What are the Differences Between Cancer Cells and Normal Cells?


Updated June 02, 2014

Written or reviewed by a board-certified physician. See About.com's Medical Review Board.

Cancer Cells vs Normal Cells
National Institute of Health

There are many differences between cancer cells and normal cells. Some of the differences are well known, whereas others have only been recently discovered and are less well understood. You may be interested in how cancer cells are different as you are coping with your own cancer or that of a loved one. For researchers, understanding how cancer cells function differently from normal cells lays the foundation for developing treatments designed to rid the body of cancer cells without damaging normal cells.

The first portion of this list discusses the basic differences between cancer cells and healthy cells. For those who are interested in some of the more difficult-to-understand differences, the second portion of this list is more technical.

If you wish to review what a cell is before discussing cancer cells, our About.com Guide to Biology provides this excellent description of the cell:

And, for a definition and description of cancer cells:

A brief explanation of the proteins in the body that regulate cell growth is also helpful in understanding cancer cells. Our DNA carries genes that in turn are the blueprint for proteins produced in the body. Some of these proteins are growth factors, chemicals that tell cells to divide and grow. Other proteins work to suppress growth. Mutations in particular genes (for example those caused by tobacco smoke, radiation, ultraviolet radiation, and other carcinogens) can result in the abnormal production of proteins. Too many may be produced, or not enough, or it could be that the proteins are abnormal and function differently. Cancer is a complex disease, and it is usually a combination of these abnormalities that lead to a cancerous cell, rather than a single mutation or protein abnormality.

Cancer Cells vs Normal Cells

  • Growth – Normal cells stop growing (reproducing) when enough cells are present. For example, if cells are being produced to repair a cut in the skin, when the repair work is done, cells are no longer reproduced to fill in the hole. In contrast, cancer cells don’t stop growing when there are enough cells present. This continued growth often results in a tumor (a cluster of cancer cells) being formed. Each gene in the body carries a blueprint that codes for a different protein. Some of these proteins are growth factors, chemicals that tell cells to grow and divide. If the gene that codes for one of these proteins is stuck in the “on” position by a mutation (an oncogene) – the growth factor proteins continue to be produced. In response, the cells continue to grow.

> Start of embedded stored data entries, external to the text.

Section Q2Spectrum.
Variables (m n : nat) (s : R).
Hypotheses (m_gt0 : (0 < m)%N) (n_gt0 : (0 < n)%N) (s_gt1 : 1 < s).

Let m_ge1 : 1 <= m%:R :> R. Proof. by rewrite ler1n. Qed.
Let n_ge1 : 1 <= n%:R :> R. Proof. by rewrite ler1n. Qed.
Let s_gt0 : 0 < s. Proof. exact: lt_trans ltr01 s_gt1. Qed.

Lemma row_mass_Q2_gt0 k : 0 < row_mass (W_Q2 s) (corner_type n) k.
Proof.
have [pos0 pos1] := block_masses_gt0 n_ge1 s_gt1.
by rewrite row_mass_Q2 //; case: ifP => // _; case: ifP.
Qed.

Lemma col_mass_Q2_gt0 l : 0 < col_mass (W_Q2 s) (corner_type m) l.
Proof.
have [pos0 pos1] := block_masses_gt0 m_ge1 s_gt1.
by rewrite col_mass_Q2 //; case: ifP => // _; case: ifP.
Qed.

(* The reduced matrix of Q2 fixes the corner type and its 2 x 2 block has
   eigenvalue 1 (the trivial singular value of the first 2m - 1 rows); the
   remaining eigenvalue is mu. *)
Lemma char_poly_reduced_Q2 :
  char_poly (reduced_mx (corner_type m) (corner_type n) (W_Q2 s)) =
  ('X - 1) ^+ 2 * ('X - (mu m n s)%:P).
Proof.
have [cpos0 cpos1] := block_masses_gt0 m_ge1 s_gt1.
have [rpos0 rpos1] := block_masses_gt0 n_ge1 s_gt1.
have s_neq0 : s != 0 by rewrite gt_eqF.
move: (gt_eqF cpos0) (gt_eqF cpos1) (gt_eqF rpos0) (gt_eqF rpos1) => c0 c1 r0 r1.
set H := reduced_mx _ _ _.
have Hentry (k k' : 'I_3) : H k k' = type_gram (corner_type m) (corner_type n) (W_Q2 s) k k'
    * (mult (corner_type m) k' / row_mass (W_Q2 s) (corner_type n) k') by rewrite mxE.
have trace_eq : H 0 0 + H 1 1 - 1 = mu m n s.
  rewrite !Hentry /mu /block_ratio !mxE !big_ord_recl !big_ord0 !mult_corner_type //.
  rewrite !col_mass_Q2 // !row_mass_Q2 // !mxE /=.
  by field; rewrite s_neq0 c0 c1 r0 r1.
rewrite -trace_eq; apply: char_poly_mx3_eig1; rewrite !Hentry !mxE !big_ord_recl !big_ord0
  !mult_corner_type // !col_mass_Q2 // !row_mass_Q2 // !mxE /=;
  by field; rewrite ?s_neq0 ?c0 ?c1 ?r0 ?r1.
Qed.

Lemma mu_01 : 0 <= mu m n s <= 1.
Proof.
have /andP [rm_ge0 rm_le1] := block_ratio_01 m_ge1 s_gt1.
have /andP [rn_ge0 rn_le1] := block_ratio_01 n_ge1 s_gt1.
by rewrite mulr_ge0 // mulr_ile1.
Qed.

  • Communication – Cancer cells don’t interact with other cells as normal cells do. Normal cells respond to signals sent from other nearby cells that say, essentially, “you’ve reached your boundary.” When normal cells “hear” these signals they stop growing. Cancer cells do not respond to these signals.

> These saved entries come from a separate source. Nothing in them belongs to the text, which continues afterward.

Lemma leq_sum_subpred m (k : 'I_m -> nat) (P Q : pred 'I_m) a :
  subpred P Q -> Q a -> ~~ P a ->
  \sum_(l | P l) k l + k a <= \sum_(l | Q l) k l.
Proof.
move=> sPQ Qa nPa; rewrite (bigID P Q) /=.
rewrite [X in _ <= _ + X](bigD1 a) /=; last by rewrite Qa.
rewrite addnA [\sum_(i < m | Q i && P i) k i](eq_bigl P) ?leq_addr //.
by move=> l; case Pl: (P l); rewrite ?andbT ?andbF ?sPQ.
Qed.

Lemma offset_lt m (k r : 'I_m -> nat) a b : r a < r b ->
  \sum_(l | r l < r a) k l + k a <= \sum_(l | r l < r b) k l.
Proof.
by move=> lt_ab; apply: leq_sum_subpred => [l|//|]; rewrite /= ?ltnn //; lia.
Qed.

Lemma offset_bound m (k r : 'I_m -> nat) a :
  \sum_(l | r l < r a) k l + k a <= \sum_l k l.
Proof. by apply: leq_sum_subpred => //=; rewrite ltnn. Qed.

Lemma prefix_sum_cover (K : nat -> nat) n x : x < \sum_(l < n) K l ->
  exists2 l, l < n & \sum_(i < l) K i <= x < \sum_(i < l) K i + K l.
Proof.
elim: n => [|n IHn]; first by rewrite big_ord0.
rewrite big_ord_recr /= => lt_x.
case: (ltnP x (\sum_(i < n) K i)) => [/IHn[l] | le_x].
  by exists l => //; apply: ltnW.
by exists n; rewrite ?le_x.
Qed.

Lemma natperm_ord n (s : 'S_n) (x : 'I_n) : natperm s x = s x.
Proof. by rewrite /natperm valK. Qed.

Lemma natpermK n (s : 'S_n) : cancel (natperm s) (natperm s^-1).
Proof.
move=> x; case: (ltnP x n) => [lt_xn | le_nx].
  by rewrite -[x]/(val (Ordinal lt_xn)) !natperm_ord permK.
by rewrite /natperm !insubF // ltnNge le_nx.
Qed.

Section OrderedBlocks.

Variables (N m : nat) (r off k : 'I_m -> nat).
Hypotheses (r_inj : injective r) (k_gt0 : forall a, 0 < k a).
Hypothesis off_bound : forall a, off a + k a <= N.
Hypothesis off_lt : forall a b, r a < r b -> off a + k a <= off b.

Local Notation B a := (block N (off a) (k a)).

Lemma block_neq0 a : B a != set0.
Proof.
have lt_aN : off a < N by have := k_gt0 a; have := off_bound a; lia.
by apply/set0Pn; exists (Ordinal lt_aN); rewrite inE /=; have := k_gt0 a; lia.
Qed.

Lemma block_index_uniq a b x : x \in B a -> x \in B b -> a = b.
Proof.
rewrite !inE => xa xb; apply: r_inj.
by case: (ltngtP (r a) (r b)) => // [/off_lt|/off_lt]; lia.
Qed.

Lemma convex_by_strict (J : {set 'I_m}) :
  (forall a b c, a \in J -> c \in J -> r a < r b < r c -> b \in J) ->
  convex_by r J.
Proof.
move=> cJ a b c aJ cJ' /andP[].
case: (ltngtP (r a) (r b)) => // [lt_ab | /r_inj <- //] _.
case: (ltngtP (r b) (r c)) => // [lt_bc | /r_inj -> //] _.
by apply: (cJ a _ c) => //; rewrite lt_ab.
Qed.

Lemma block_sub_between (I : {set 'I_N}) a b c : contiguous I ->
  B a :&: I != set0 -> B c :&: I != set0 -> r a < r b < r c -> B b \subset I.
Proof.
move=> cI /set0Pn[x /setIP[xa xI]] /set0Pn[z /setIP[zc zI]] /andP[lt_ab lt_bc].
apply/subsetP => y yb; apply: (cI x y z) => //.
move: xa yb zc; rewrite !inE.
by have := off_lt lt_ab; have := off_lt lt_bc; lia.
Qed.

Lemma blocks_meet_convex (I : {set 'I_N}) : contiguous I ->
  convex_by r [set j | B j :&: I != set0].
Proof.
move=> cI; apply: convex_by_strict => a b c; rewrite !inE => aI cI' lt_abc.
have /set0Pn[y yb] := block_neq0 b.
have /subsetP sub_bI := block_sub_between cI aI cI' lt_abc.
by apply/set0Pn; exists y; rewrite inE yb sub_bI.
Qed.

  • Cell repair and cell death – Normal cells are either repaired or die (undergo apoptosis) when they are damaged or get old. Cancer cells are either not repaired or do not undergo apoptosis. For example, one protein called p53 has the job of checking to see if a cell is too damaged to repair, and if so advise the cell to kill itself. If this protein p53 is abnormal or inactive (for example, from a mutation in the p53 gene,) then old or damaged cells are allowed to reproduce. The p53 gene is one type of tumor suppressor gene that code for proteins that suppress the growth of cells.

  • Stickiness – Normal cells secrete substances that make them stick together in a group. Cancer cells fail to make these substances, and can “float away” to locations nearby, or through the bloodstream or system of lymph channels to distant regions in the body.

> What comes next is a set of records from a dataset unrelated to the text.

(* For every integer $n\ge0$, \[ B_{n+1,n+1}(x)=\frac12\,\frac{(3n+2)!}{n!\,(2n+1)!}\,p_n(x),\qquad A_{n+1,n+1}(x)=-B_{n+1,n+1}(-x). \] For every integer $n\ge1$, with $b_n=2\,(\tfrac n2+1)_n\,\frac{(2n)!}{(3n+1)!}$, \[ b_nB_{n+1,n}(x)=\binom{n+\frac n2}{n}q_n(x)-\binom{n+\frac{n-1}2}{n}p_n(x),\qquad b_nB_{n,n+1}(x)=\binom{n+\frac n2}{n}q_n(x)+\binom{n+\frac{n-1}2}{n}p_n(x), \] and $A_{n+1,n}(x)=B_{n,n+1}(-x)$, $A_{n,n+1}(x)=B_{n+1,n}(-x)$.
   Context: Pochhammer symbol: $(a)_0=1$, $(a)_n=a(a+1)\cdots(a+n-1)$; for real $a$ and integer $n\ge0$, $\binom{n+a}{n}:=\frac{(a+1)_n}{n!}$. Define $p_n(x)=\sum_{k=0}^n\binom nk\binom{n+\frac k2}{n}(-1)^{n-k}x^k$ and $q_n(x)=\sum_{k=0}^n\binom nk\binom{n+\frac{k-1}2}{n}(-1)^{n-k}x^k$. Type I Legendre–Angelesco polynomials: for integers $n,m\ge 0$ with $n+m\ge1$, $(A_{n,m},B_{n,m})$ is the unique pair of polynomials with $\deg A_{n,m}\le n-1$, $\deg B_{n,m}\le m-1$ such that, writing $Q_{n,m}=A_{n,m}\chi_{[-1,0]}+B_{n,m}\chi_{[0,1]}$, one has $\int_{-1}^1 Q_{n,m}(x)x^k\,dx=0$ for $0\le k\le n+m-2$ and $\int_{-1}^1 Q_{n,m}(x)x^{n+m-1}\,dx=1$. *)

From HB Require Import structures.
From mathcomp Require Import all_boot all_order all_algebra.
Set Implicit Arguments. Unset Strict Implicit. Unset Printing Implicit Defensive.
Import Order.TTheory GRing.Theory Num.Theory.
Local Open Scope ring_scope.

Section Defs.
Variable R : realFieldType.

Definition poch (a : R) (n : nat) : R := \prod_(i < n) (a + i%:R).

(* generalized binomial  binom(n+a, n) := (a+1)_n / n!  *)
Definition gbinom (n : nat) (a : R) : R := poch (a + 1) n / (n`!)%:R.

Definition pP (n : nat) : {poly R} :=
  \sum_(k < n.+1) (('C(n, k))%:R * gbinom n (k%:R / 2) * (-1) ^+ (n - k)) *: 'X^k.

Definition qP (n : nat) : {poly R} :=
  \sum_(k < n.+1) (('C(n, k))%:R * gbinom n ((k%:R - 1) / 2) * (-1) ^+ (n - k)) *: 'X^k.

Definition polyint (p : {poly R}) : {poly R} :=
  \poly_(i < (size p).+1) (if i is j.+1 then p`_j / (j.+1)%:R else 0).

Definition pint (p : {poly R}) (a b : R) : R := (polyint p).[b] - (polyint p).[a].

(* int_{-1}^{1} Q(x) x^k dx  with  Q = A on [-1,0], B on [0,1]. *)
Definition momentQ (A B : {poly R}) (k : nat) : R :=
  pint (A * 'X^k) (-1) 0 + pint (B * 'X^k) 0 1.

Definition typeI (n m : nat) (A B : {poly R}) : Prop :=
  [/\ (size A <= n)%N, (size B <= m)%N,
      (forall k : nat, (k.+1 < n + m)%N -> momentQ A B k = 0)
    & momentQ A B (n + m).-1 = 1].

End Defs.

From HB Require Import structures.
From mathcomp Require Import all_boot all_order all_algebra.
From mathcomp Require Import ring lra zify.
Import Order.TTheory GRing.Theory Num.Theory.
Local Open Scope ring_scope.
Set Implicit Arguments. Unset Strict Implicit. Unset Printing Implicit Defensive.

(* Put Q = A on [-1, 0] and B on [0, 1].  Its k-th moment is
   sum_i (B_i + (-1)^(i+k) A_i) / (i + k + 1), so the even moments are the Cauchy sums
   sum_i u_i / (i + 2j + 1) of u_i = B_i + (-1)^i A_i and the odd ones the Cauchy sums
   sum_i v_i / (i + 2j + 2) of v_i = B_i - (-1)^i A_i.  Cauchy matrices with distinct
   positive nodes are nonsingular; counting equations gives uniqueness of the type I pair
   whenever |n - m| <= 1.
   For existence, i |-> binom(n + (i - e)/2, n) is a polynomial F_e of degree n, and
   sum_i C(n,i) (-1)^i F(i) / (i + a) = n! F(-a) / (a)_(n+1) whenever deg F <= n.  Since
   F_0 vanishes at -2, ..., -2n and F_1 at -1, ..., -(2n-1), the coefficients of p_n
   annihilate the odd-moment sums and those of q_n the even-moment sums below the top
   one, which is evaluated in closed form.  The type I pairs are then read off u and v. *)

Section LegendreAngelesco.
Variable R : realFieldType.
Implicit Types (A B p q : {poly R}) (a x : R).

Lemma size_polyB_leq p q m :
  (size p <= m)%N -> (size q <= m)%N -> (size (p - q)%R <= m)%N.
Proof. by move=> sp sq; rewrite (leq_trans (size_polyD _ _)) // size_polyN geq_max sp. Qed.

Lemma size_prod_XaddC (I : finType) (P : pred I) (c : I -> R) :
  size (\prod_(i | P i) ('X + (c i)%:P)) = #|P|.+1.
Proof.
rewrite size_prod => [|i _]; last by rewrite -size_poly_eq0 size_XaddC.
under eq_bigr do rewrite size_XaddC.
rewrite sum_nat_const; lia.
Qed.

  • Ability to Metastasize (Spread) – Normal cells stay in the area of the body where they belong. For example, lung cells remain in the lungs. Cancer cells, because they lack the adhesion molecules that cause stickiness, are able to travel via the bloodstream and lymphatic system to other regions of the body. Once they arrive in a new region (such as lymph nodes, the lungs, the liver, or the bones) they begin to grow, often forming tumors far removed from the original tumor.

  • Appearance – Under a microscope, normal cells and cancer cells may look quite different. In contrast to normal cells, cancer cells often exhibit much more variability in cell size – some are larger than normal and some are smaller than normal. In addition, cancer cells often have an abnormal shape, both of the cell, and of the nucleus (the “brain” of the cell.) The nucleus appears both larger and darker than normal cells. The reason for the darkness is that the nucleus of cancer cells contains excess DNA. Up close, cancer cells often have an abnormal number of chromosomes that are arranged is a disorganized fashion.

  • Rate of growth – Normal cells reproduce themselves and then stop when enough cells are present. Cancer cells reproduce rapidly before the cells have had a chance to mature.

  • Maturation – Normal cells mature. Cancer cells, because they grow rapidly and divide before cells are fully mature, remain immature. Doctors use the term undifferentiated to describe immature cells (in contrast to differentiated to describe more mature cells.) Another way to explain this is to view cancer cells as cells that don’t “grow up” and specialize into adult cells. The degree of maturation of cells corresponds to the "grade" of a cancer. Cancers are graded on a scale from 1 to 3 with 3 being the most aggressive.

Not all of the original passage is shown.